More States Broaden Access to Boosters for Adults, Ahead of F.D.A. Public Health Warning – NBC Bay Area / Richmond, VA

4 More States Broaden Access to Boosters for Adults, Ahead of F.D.A. Public Health Warning – NBC Bay Area / Richmond, VA http://www.nbcbayarea.com/news/the-health-recall/ns-66052076.html?utm_medium=social&utm_campaign=SocialSecurityNews&utm_source=blog&utm_content=nb_blog_blog. On Monday’s broadcast of the Today Show, the Food and Drug…

More States Broaden Access to Boosters for Adults, Ahead of F.D.A. Public Health Warning – NBC Bay Area / Richmond, VA

4 More States Broaden Access to Boosters for Adults, Ahead of F.D.A. Public Health Warning – NBC Bay Area / Richmond, VA http://www.nbcbayarea.com/news/the-health-recall/ns-66052076.html?utm_medium=social&utm_campaign=SocialSecurityNews&utm_source=blog&utm_content=nb_blog_blog.

On Monday’s broadcast of the Today Show, the Food and Drug Administration (FDA) issued a public health warning to anyone who has taken a consumer supplement containing the autism booster, DDPY(buprenorphine or naloxone). The FDA is warning of serious and potentially life-threatening side effects and deaths associated with use of these supplements by adults with opioid abuse disorder and/or a history of drug dependence. The FDA took the action after receiving reports of 40 deaths associated with the supplements in the past 10 years.

The FDA said it is issuing its warning after a review of reports filed with the Substance Abuse and Mental Health Services Administration (SAMHSA) for possible side effects, including death, attributed to the products. SAMHSA provides incentives to states that set up monitoring programs for opioid use disorders to allow the reporting of adverse events to the prescription drug monitoring programs (PDMPs). According to the FDA, the currently available information indicates the use of supplements containing naloxone to treat opioid use disorder (UUD) and/or to block withdrawal symptoms of heroin does not appear to be working as intended to help people stop using opioids. When used by adults with opioid use disorder, the supplements cause memory and balance problems, problems swallowing, shortness of breath, mouth ulcers, poor urination, and dizziness and can lead to inadvertent overdoses from any source, including opioid abuse or dependence, the FDA said.

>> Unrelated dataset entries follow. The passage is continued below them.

(* Let $n\neq 1$ be a real number, $k_n=n-1$, and $k_0,k_1,k_2\in\mathbb{R}$. On the phase space with canonical coordinates $(r,\phi,p_r,p_\phi)$, $r>0$, restricted to the open set where $\cos(k_n\phi)\neq 0$, consider $$H_{nb}=\tfrac12 r^{2n}\Big(p_r^2+\tfrac{p_\phi^2}{r^2}\Big)+\frac{k_0}{r^{2k_n}}\big(\cos^2(k_n\phi)+4\sin^2(k_n\phi)\big)+r^{2k_n}\frac{k_1}{\cos^2(k_n\phi)}+\frac{k_2}{r^{k_n}}\sin(k_n\phi).$$ With $P_1=r^n\big(p_r\cos(k_n\phi)+\tfrac1r p_\phi\sin(k_n\phi)\big)$ and $P_2=r^n\big(p_r\sin(k_n\phi)-\tfrac1r p_\phi\cos(k_n\phi)\big)$, the functions $$J_{b1}=P_1^2+\frac{2k_0}{r^{2k_n}}\cos^2(k_n\phi)+2k_1r^{2k_n}\sec^2(k_n\phi),\qquad J_{b2}=P_2^2+\frac{8k_0}{r^{2k_n}}\sin^2(k_n\phi)+\frac{2k_2}{r^{k_n}}\sin(k_n\phi),$$ $$J_{b3}=P_1p_\phi-\frac{k_0}{r^{3k_n}}\cos(k_n\phi)\sin(2k_n\phi)+k_1r^{k_n}\sec^3(k_n\phi)\sin(2k_n\phi)-\frac{k_2}{2r^{2k_n}}\cos^2(k_n\phi)$$ are three independent constants of motion of $H_{nb}$, i.e. $\{J_{bj},H_{nb}\}=0$ for $j=1,2,3$; hence $H_{nb}$ is superintegrable.
   Context: The Poisson bracket is the canonical one in $(r,\phi,p_r,p_\phi)$. A constant of motion of $H$ is a function $F$ with $\{F,H\}=0$. *)

From Stdlib Require Import Reals.
From Coquelicot Require Import Coquelicot.
Open Scope R_scope.

Definition PSfun := R -> R -> R -> R -> R.

Definition d_r (F : PSfun) r ph pr pph := Derive (fun x => F x ph pr pph) r.
Definition d_phi (F : PSfun) r ph pr pph := Derive (fun x => F r x pr pph) ph.
Definition d_pr (F : PSfun) r ph pr pph := Derive (fun x => F r ph x pph) pr.
Definition d_pphi (F : PSfun) r ph pr pph := Derive (fun x => F r ph pr x) pph.

Definition poisson (F G : PSfun) : PSfun := fun r ph pr pph =>
  d_r F r ph pr pph * d_pr G r ph pr pph - d_pr F r ph pr pph * d_r G r ph pr pph
  + d_phi F r ph pr pph * d_pphi G r ph pr pph - d_pphi F r ph pr pph * d_phi G r ph pr pph.

Definition ps_domain (kn : R) r ph (pr pph : R) : Prop := 0 < r /\ cos (kn * ph) <> 0.

Definition grad_indep3 (F1 F2 F3 : PSfun) r ph pr pph : Prop :=
  forall a b c : R,
    a * d_r F1 r ph pr pph + b * d_r F2 r ph pr pph + c * d_r F3 r ph pr pph = 0 ->
    a * d_phi F1 r ph pr pph + b * d_phi F2 r ph pr pph + c * d_phi F3 r ph pr pph = 0 ->
    a * d_pr F1 r ph pr pph + b * d_pr F2 r ph pr pph + c * d_pr F3 r ph pr pph = 0 ->
    a * d_pphi F1 r ph pr pph + b * d_pphi F2 r ph pr pph + c * d_pphi F3 r ph pr pph = 0 ->
    a = 0 /\ b = 0 /\ c = 0.

(* Functional independence on the ps_domain: the gradients are linearly
   independent on a dense subset of the ps_domain. *)
Definition functionally_independent3 (kn : R) (F1 F2 F3 : PSfun) : Prop :=
  forall r ph pr pph eps, ps_domain kn r ph pr pph -> 0 < eps ->
    exists r' ph' pr' pph',
      ps_domain kn r' ph' pr' pph' /\
      Rabs (r' - r) < eps /\ Rabs (ph' - ph) < eps /\
      Rabs (pr' - pr) < eps /\ Rabs (pph' - pph) < eps /\
      grad_indep3 F1 F2 F3 r' ph' pr' pph'.

Definition Hnb (n k0 k1 k2 : R) : PSfun := fun r ph pr pph =>
  let kn := n - 1 in
  / 2 * Rpower r (2 * n) * (pr ^ 2 + pph ^ 2 / r ^ 2)
  + k0 / Rpower r (2 * kn) * (cos (kn * ph) ^ 2 + 4 * sin (kn * ph) ^ 2)
  + Rpower r (2 * kn) * (k1 / cos (kn * ph) ^ 2)
  + k2 / Rpower r kn * sin (kn * ph).

Definition P1 (n : R) : PSfun := fun r ph pr pph =>
  let kn := n - 1 in
  Rpower r n * (pr * cos (kn * ph) + / r * pph * sin (kn * ph)).

Definition P2 (n : R) : PSfun := fun r ph pr pph =>
  let kn := n - 1 in
  Rpower r n * (pr * sin (kn * ph) - / r * pph * cos (kn * ph)).

Definition sec (x : R) : R := / cos x.

Definition Jb1 (n k0 k1 k2 : R) : PSfun := fun r ph pr pph =>
  let kn := n - 1 in
  P1 n r ph pr pph ^ 2 + 2 * k0 / Rpower r (2 * kn) * cos (kn * ph) ^ 2
  + 2 * k1 * Rpower r (2 * kn) * sec (kn * ph) ^ 2.

Definition Jb2 (n k0 k1 k2 : R) : PSfun := fun r ph pr pph =>
  let kn := n - 1 in
  P2 n r ph pr pph ^ 2 + 8 * k0 / Rpower r (2 * kn) * sin (kn * ph) ^ 2
  + 2 * k2 / Rpower r kn * sin (kn * ph).

Definition Jb3 (n k0 k1 k2 : R) : PSfun := fun r ph pr pph =>
  let kn := n - 1 in
  P1 n r ph pr pph * pph
  - k0 / Rpower r (3 * kn) * cos (kn * ph) * sin (2 * kn * ph)
  + k1 * Rpower r kn * sec (kn * ph) ^ 3 * sin (2 * kn * ph)
  - k2 / (2 * Rpower r (2 * kn)) * cos (kn * ph) ^ 2.

(* The brackets are a finite computation: writing every power of r through
   X = r^n, the brackets {J_bj, H_nb} are rational functions of
   (X, r, cos, sin, p_r, p_phi) that vanish modulo cos^2 + sin^2 = 1.
   For independence, the minor of the Jacobian of (J_b1, J_b2, J_b3) in the
   variables (p_r, p_phi, phi) is a quartic polynomial in the momenta, with
   quartic part -4 k_n r^(2n) P1^2 P2.  On a line in momentum space along which
   P1 P2 does not vanish, its fourth finite difference is therefore nonzero, so
   the minor is nonzero at one of five equally spaced points, which can be
   taken arbitrarily close to any given point. *)
From Pilot Require Import Defs.
From Stdlib Require Import Reals Lra Nsatz.
From Coquelicot Require Import Coquelicot.
Open Scope R_scope.

Lemma exp_pred_mul_ln n r : 0 < r -> exp ((n - 1) * ln r) = exp (n * ln r) / r.
Proof.
intros Hr. replace (n * ln r) with ((n - 1) * ln r + ln r) by ring.
rewrite exp_plus, exp_ln by lra. field. lra.
Qed.

Lemma exp_2pred_mul_ln n r : 0 < r -> exp (2 * (n - 1) * ln r) = exp (n * ln r) ^ 2 / r ^ 2.
Proof.
intros Hr. replace (2 * (n - 1) * ln r) with ((n - 1) * ln r + (n - 1) * ln r) by ring.
rewrite exp_plus, exp_pred_mul_ln by lra. field. lra.
Qed.

Lemma exp_3pred_mul_ln n r : 0 < r -> exp (3 * (n - 1) * ln r) = exp (n * ln r) ^ 3 / r ^ 3.
Proof.
intros Hr.
replace (3 * (n - 1) * ln r) with ((n - 1) * ln r + (n - 1) * ln r + (n - 1) * ln r) by ring.
rewrite !exp_plus, exp_pred_mul_ln by lra. field. lra.
Qed.

Lemma exp_2mul_ln n r : exp (2 * n * ln r) = exp (n * ln r) ^ 2.
Proof. replace (2 * n * ln r) with (n * ln r + n * ln r) by ring. rewrite exp_plus. ring. Qed.

Lemma sin_2mul k x : sin (2 * k * x) = 2 * sin (k * x) * cos (k * x).
Proof. replace (2 * k * x) with (2 * (k * x)) by ring. apply sin_2a. Qed.

Lemma cos_2mul k x : cos (2 * k * x) = cos (k * x) ^ 2 - sin (k * x) ^ 2.
Proof. replace (2 * k * x) with (2 * (k * x)) by ring. rewrite cos_2a. ring. Qed.

Ltac solve_nonzero :=
  repeat first [ exact I | assumption | lra | split
    | apply Rmult_integral_contrapositive_currified | apply Rinv_neq_0_compat
    | apply Rgt_not_eq; apply exp_pos ].

Ltac rewrite_Derive :=
  match goal with |- context [Derive ?f ?x] =>
    let v := fresh "v" in let H := fresh "H" in
    evar (v : R);
    assert (H : is_derive f x v) by (unfold v; auto_derive; [ .. | reflexivity ]; solve_nonzero);
    rewrite (is_derive_unique f x v H); unfold v; clear H v
  end.

(* After differentiation, every power of r is expressed through X = exp (n ln r)
   and the goal becomes a rational identity in (X, r, c, s) modulo c^2 + s^2 = 1. *)
Ltac phase_space_identity n r ph Hr :=
  unfold poisson, d_r, d_phi, d_pr, d_pphi, Hnb, Jb1, Jb2, Jb3, Defs.P1, Defs.P2, sec, Rpower;
  repeat rewrite_Derive;
  rewrite ?(exp_pred_mul_ln _ _ Hr), ?(exp_2pred_mul_ln _ _ Hr), ?(exp_3pred_mul_ln _ _ Hr),
    ?exp_2mul_ln, ?sin_2mul, ?cos_2mul;
  apply Rminus_diag_uniq;
  pose proof (sin2_cos2 ((n - 1) * ph)) as Hcs; unfold Rsqr in Hcs;
  assert (HX : 0 < exp (n * ln r)) by apply exp_pos;
  set (c := cos ((n - 1) * ph)) in *; set (s := sin ((n - 1) * ph)) in *;
  set (X := exp (n * ln r)) in *; clearbody c s X;
  field_simplify; try solve [solve_nonzero];
  match goal with |- ?N / _ = 0 =>
    replace N with 0 by (clear - Hcs; cbn [pow]; nsatz); unfold Rdiv; ring
  end.

Definition det3 (a1 b1 c1 a2 b2 c2 a3 b3 c3 : R) : R :=
  a1 * (b2 * c3 - c2 * b3) - b1 * (a2 * c3 - c2 * a3) + c1 * (a2 * b3 - b2 * a3).

Lemma det3_neq0_kernel_trivial x1 y1 z1 x2 y2 z2 x3 y3 z3 a b c :
  a * x1 + b * y1 + c * z1 = 0 -> a * x2 + b * y2 + c * z2 = 0 -> a * x3 + b * y3 + c * z3 = 0 ->
  det3 x1 y1 z1 x2 y2 z2 x3 y3 z3 <> 0 -> a = 0 /\ b = 0 /\ c = 0.
Proof.
intros e1 e2 e3 hd. unfold det3 in hd.
set (D := x1 * (y2 * z3 - z2 * y3) - y1 * (x2 * z3 - z2 * x3) + z1 * (x2 * y3 - y2 * x3)) in hd.
assert (ha : a * D = 0) by (unfold D; nsatz).
assert (hb : b * D = 0) by (unfold D; nsatz).
assert (hc : c * D = 0) by (unfold D; nsatz).
apply Rmult_integral in ha; apply Rmult_integral in hb; apply Rmult_integral in hc.
intuition.
Qed.

Definition jacobian_minor (F1 F2 F3 : PSfun) : PSfun := fun r ph pr pph =>
  det3 (d_pr F1 r ph pr pph) (d_pr F2 r ph pr pph) (d_pr F3 r ph pr pph)
       (d_pphi F1 r ph pr pph) (d_pphi F2 r ph pr pph) (d_pphi F3 r ph pr pph)
       (d_phi F1 r ph pr pph) (d_phi F2 r ph pr pph) (d_phi F3 r ph pr pph).

Lemma grad_indep3_of_jacobian_minor F1 F2 F3 r ph pr pph :
  jacobian_minor F1 F2 F3 r ph pr pph <> 0 -> grad_indep3 F1 F2 F3 r ph pr pph.
Proof.
intros hd a b c _ e_ph e_pr e_pph.
exact (det3_neq0_kernel_trivial _ _ _ _ _ _ _ _ _ a b c e_pr e_pph e_ph hd).
Qed.

Definition fourth_difference (f : R -> R) (h : R) : R :=
  f 0 - 4 * f h + 6 * f (2 * h) - 4 * f (3 * h) + f (4 * h).

Lemma fourth_difference_neq0 f h :
  fourth_difference f h <> 0 -> exists k, 0 <= k <= 4 /\ f (k * h) <> 0.
Proof.
intros Hd.
destruct (Req_dec (f (0 * h)) 0) as [e0 | e0]; [| exists 0; split; [lra | exact e0]].
destruct (Req_dec (f (1 * h)) 0) as [e1 | e1]; [| exists 1; split; [lra | exact e1]].
destruct (Req_dec (f (2 * h)) 0) as [e2 | e2]; [| exists 2; split; [lra | exact e2]].
destruct (Req_dec (f (3 * h)) 0) as [e3 | e3]; [| exists 3; split; [lra | exact e3]].
destruct (Req_dec (f (4 * h)) 0) as [e4 | e4]; [| exists 4; split; [lra | exact e4]].
exfalso; apply Hd; unfold fourth_difference.
rewrite Rmult_0_l in e0; rewrite Rmult_1_l in e1.
rewrite e0, e1, e2, e3, e4; ring.
Qed.

Lemma exists_direction c s : c <> 0 -> exists u, c + u * s <> 0 /\ s - u * c <> 0.
Proof.
intros Hc. destruct (Req_dec s 0) as [Hs | Hs].
- exists 1. rewrite Hs. split; lra.
- exists 0. split; lra.
Qed.

Lemma Rabs_shift_lt p k d eps : 0 <= k <= 4 -> 4 * Rabs d < eps -> Rabs (p + k * d - p) < eps.
Proof.
intros Hk Hd. replace (p + k * d - p) with (k * d) by ring.
rewrite Rabs_mult, (Rabs_pos_eq k) by lra.
pose proof (Rabs_pos d). nra.
Qed.

Section Superintegrable.
Variables (n k0 k1 k2 r ph : R).
Hypotheses (Hr : 0 < r) (Hc : cos ((n - 1) * ph) <> 0).

Local Notation J1 := (Jb1 n k0 k1 k2).
Local Notation J2 := (Jb2 n k0 k1 k2).
Local Notation J3 := (Jb3 n k0 k1 k2).
Local Notation c := (cos ((n - 1) * ph)).
Local Notation s := (sin ((n - 1) * ph)).
Local Notation A := (Rpower r n).

Lemma poisson_Jb1_Hnb pr pph : poisson J1 (Hnb n k0 k1 k2) r ph pr pph = 0.
Proof. phase_space_identity n r ph Hr. Qed.

Lemma poisson_Jb2_Hnb pr pph : poisson J2 (Hnb n k0 k1 k2) r ph pr pph = 0.
Proof. phase_space_identity n r ph Hr. Qed.

Lemma poisson_Jb3_Hnb pr pph : poisson J3 (Hnb n k0 k1 k2) r ph pr pph = 0.
Proof. phase_space_identity n r ph Hr. Qed.

Section Gradient.
Variables pr pph : R.
Local Notation q1 := (Defs.P1 n r ph pr pph).
Local Notation q2 := (Defs.P2 n r ph pr pph).

Lemma d_pr_Jb1 : d_pr J1 r ph pr pph = 2 * q1 * A * c.
Proof. phase_space_identity n r ph Hr. Qed.
Lemma d_pr_Jb2 : d_pr J2 r ph pr pph = 2 * q2 * A * s.
Proof. phase_space_identity n r ph Hr. Qed.
Lemma d_pr_Jb3 : d_pr J3 r ph pr pph = A * c * pph.
Proof. phase_space_identity n r ph Hr. Qed.
Lemma d_pphi_Jb1 : d_pphi J1 r ph pr pph = 2 * q1 * (A / r) * s.
Proof. phase_space_identity n r ph Hr. Qed.
Lemma d_pphi_Jb2 : d_pphi J2 r ph pr pph = - 2 * q2 * (A / r) * c.
Proof. phase_space_identity n r ph Hr. Qed.
Lemma d_pphi_Jb3 : d_pphi J3 r ph pr pph = q1 + (A / r) * s * pph.
Proof. phase_space_identity n r ph Hr. Qed.
Lemma d_phi_Jb1 : d_phi J1 r ph pr pph = - 2 * (n - 1) * q1 * q2 + d_phi J1 r ph 0 0.
Proof. phase_space_identity n r ph Hr. Qed.
Lemma d_phi_Jb2 : d_phi J2 r ph pr pph = 2 * (n - 1) * q1 * q2 + d_phi J2 r ph 0 0.
Proof. phase_space_identity n r ph Hr. Qed.
Lemma d_phi_Jb3 : d_phi J3 r ph pr pph = - (n - 1) * q2 * pph + d_phi J3 r ph 0 0.
Proof. phase_space_identity n r ph Hr. Qed.

Lemma jacobian_minor_Jb :
  jacobian_minor J1 J2 J3 r ph pr pph =
  det3 (2 * q1 * A * c) (2 * q2 * A * s) (A * c * pph)
       (2 * q1 * (A / r) * s) (- 2 * q2 * (A / r) * c) (q1 + (A / r) * s * pph)
       (- 2 * (n - 1) * q1 * q2 + d_phi J1 r ph 0 0) (2 * (n - 1) * q1 * q2 + d_phi J2 r ph 0 0)
       (- (n - 1) * q2 * pph + d_phi J3 r ph 0 0).
Proof.
unfold jacobian_minor.
rewrite d_pr_Jb1, d_pr_Jb2, d_pr_Jb3, d_pphi_Jb1, d_pphi_Jb2, d_pphi_Jb3,
  d_phi_Jb1, d_phi_Jb2, d_phi_Jb3.
reflexivity.
Qed.

End Gradient.

Lemma det3_momentum_leading_part cs sn X ri be :
  cs * cs + sn * sn = 1 -> r * ri = 1 ->
  let p1 := X * (1 * cs + ri * be * sn) in let p2 := X * (1 * sn - ri * be * cs) in
  det3 (2 * p1 * X * cs) (2 * p2 * X * sn) (X * cs * be)
       (2 * p1 * (X * ri) * sn) (- 2 * p2 * (X * ri) * cs) (p1 + (X * ri) * sn * be)
       (- 2 * (n - 1) * p1 * p2) (2 * (n - 1) * p1 * p2) (- (n - 1) * p2 * be)
  = - 4 * (n - 1) * X ^ 2 * p1 ^ 2 * p2.
Proof. intros Hcs Hri p1 p2. unfold p1, p2, det3. cbn [pow]. nsatz. Qed.

Lemma jacobian_minor_fourth_difference pr pph be h :
  fourth_difference (fun t => jacobian_minor J1 J2 J3 r ph (pr + t) (pph + t * be)) h
  = - 96 * (n - 1) * h ^ 4 * A ^ 2 * Defs.P1 n r ph 1 be ^ 2 * Defs.P2 n r ph 1 be.
Proof.
unfold fourth_difference. rewrite !jacobian_minor_Jb.
transitivity (24 * h ^ 4 * (- 4 * (n - 1) * A ^ 2 * Defs.P1 n r ph 1 be ^ 2 * Defs.P2 n r ph 1 be)).
2: ring.
unfold Defs.P1, Defs.P2.
assert (Hri : r * / r = 1) by (field; lra).
pose proof (sin2_cos2 ((n - 1) * ph)) as Hcs; unfold Rsqr in Hcs; rewrite Rplus_comm in Hcs.
rewrite <- (det3_momentum_leading_part c s A (/ r) be Hcs Hri).
unfold det3, Rdiv. ring.
Qed.

Lemma grad_indep3_on_line (hn : n <> 1) pr pph u h :
  0 < h -> c + u * s <> 0 -> s - u * c <> 0 ->
  exists k, 0 <= k <= 4 /\ grad_indep3 J1 J2 J3 r ph (pr + k * h) (pph + k * h * (u * r)).
Proof.
intros Hh Hu1 Hu2.
assert (HA : 0 < A) by apply exp_pos.
assert (HP1 : Defs.P1 n r ph 1 (u * r) = A * (c + u * s)) by (unfold Defs.P1; field; lra).
assert (HP2 : Defs.P2 n r ph 1 (u * r) = A * (s - u * c)) by (unfold Defs.P2; field; lra).
destruct (fourth_difference_neq0
  (fun t => jacobian_minor J1 J2 J3 r ph (pr + t) (pph + t * (u * r))) h) as [k [Hk Hmin]].
{ rewrite jacobian_minor_fourth_difference, HP1, HP2.
  repeat apply Rmult_integral_contrapositive_currified; try apply pow_nonzero; lra. }
exists k. split; [exact Hk | exact (grad_indep3_of_jacobian_minor _ _ _ _ _ _ _ Hmin)].
Qed.

End Superintegrable.

Theorem mainTheorem5 (n k0 k1 k2 : R) (hn : n <> 1) :
  (forall r ph pr pph, ps_domain (n - 1) r ph pr pph ->
     poisson (Jb1 n k0 k1 k2) (Hnb n k0 k1 k2) r ph pr pph = 0 /\
     poisson (Jb2 n k0 k1 k2) (Hnb n k0 k1 k2) r ph pr pph = 0 /\
     poisson (Jb3 n k0 k1 k2) (Hnb n k0 k1 k2) r ph pr pph = 0) /\
  functionally_independent3 (n - 1) (Jb1 n k0 k1 k2) (Jb2 n k0 k1 k2) (Jb3 n k0 k1 k2).
Proof.
split.
- intros r ph pr pph [Hr Hc].
  split; [| split]; [apply poisson_Jb1_Hnb | apply poisson_Jb2_Hnb | apply poisson_Jb3_Hnb]; assumption.
- intros r ph pr pph eps [Hr Hc] Heps.
  destruct (exists_direction _ (sin ((n - 1) * ph)) Hc) as [u [Hu1 Hu2]].
  pose proof (Rabs_pos (u * r)) as Hur.
  set (h := eps / (5 * (1 + Rabs (u * r)))).
  assert (Hh : 0 < h) by (unfold h; apply Rdiv_lt_0_compat; lra).
  assert (Hscale : h * (1 + Rabs (u * r)) = eps / 5) by (unfold h; field; lra).
  destruct (grad_indep3_on_line n k0 k1 k2 r ph Hr Hc hn pr pph u h Hh Hu1 Hu2) as [k [Hk Hind]].
  exists r, ph, (pr + k * h), (pph + k * h * (u * r)).
  refine (conj (conj Hr Hc) (conj _ (conj _ (conj _ (conj _ Hind))))).
  1, 2: rewrite Rminus_diag, Rabs_R0; exact Heps.
  + apply Rabs_shift_lt; [exact Hk |]. rewrite Rabs_pos_eq by lra. nra.
  + rewrite Rmult_assoc. apply Rabs_shift_lt; [exact Hk |]. rewrite Rabs_mult, Rabs_pos_eq by lra. nra.
Qed.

“Consumers need to know there are serious side effects associated with these products,” said Ross Mandell, director of FDA’s Division of Consumer and Market Access. “It’s possible that they could inadvertently overdose or pose a great danger to themselves and others.”

FDA has received reports from 29 states that supplement manufacturers are marketing and marketing the products even though they are not registered with the FDA and do not require a public safety review by the agency. DDPY(buprenorphine or naloxone) was approved by the FDA in January 2017 and is being advertised as being a safer alternative to either buprenorphine or methadone to treat opioid use disorder. However, since January 2017, the FDA has received reports of 19 deaths and two cases of accidental overdose of children under the age of 6. Due to insufficient testing, the supplement has not been approved to treat opioid use disorder in children.

Consumers should avoid using the supplements, and if they already use the products, it is recommended that they stop using them. Supplement providers, pharmacies, doctors and health care professionals should also inform their patients of the risks associated with using these products. Those who are using these products should follow safe handling and use instructions.

Products that contain naloxone are sold across the country in various formulations including pre-mixed powder pills, tinctures, topical salves, nasal sprays, nasal strips, herbal extracts, crushed pills, liquids, personal medication disposal kits, capsules, and “Jointwear” patches.

Anyone who has received a product via a mail or online order order from DDPY(buprenorphine or naloxone) or a distributor and plans to purchase, use, or administer the product are advised to call the FDA’s MedWatch Adverse Event Reporting program at 1-800-FDA-1088 (1-800-332-1088 if you are deaf or hard of hearing) or the abuse reporting hotline at 1-800-831-5464 to report any adverse reactions to the product. Additionally, if a distributor or consumer sells a product using a gram-fed stamp, consumer should obtain a C-38 form, found online at FDA’s website. All forms must be filed electronically with the agency.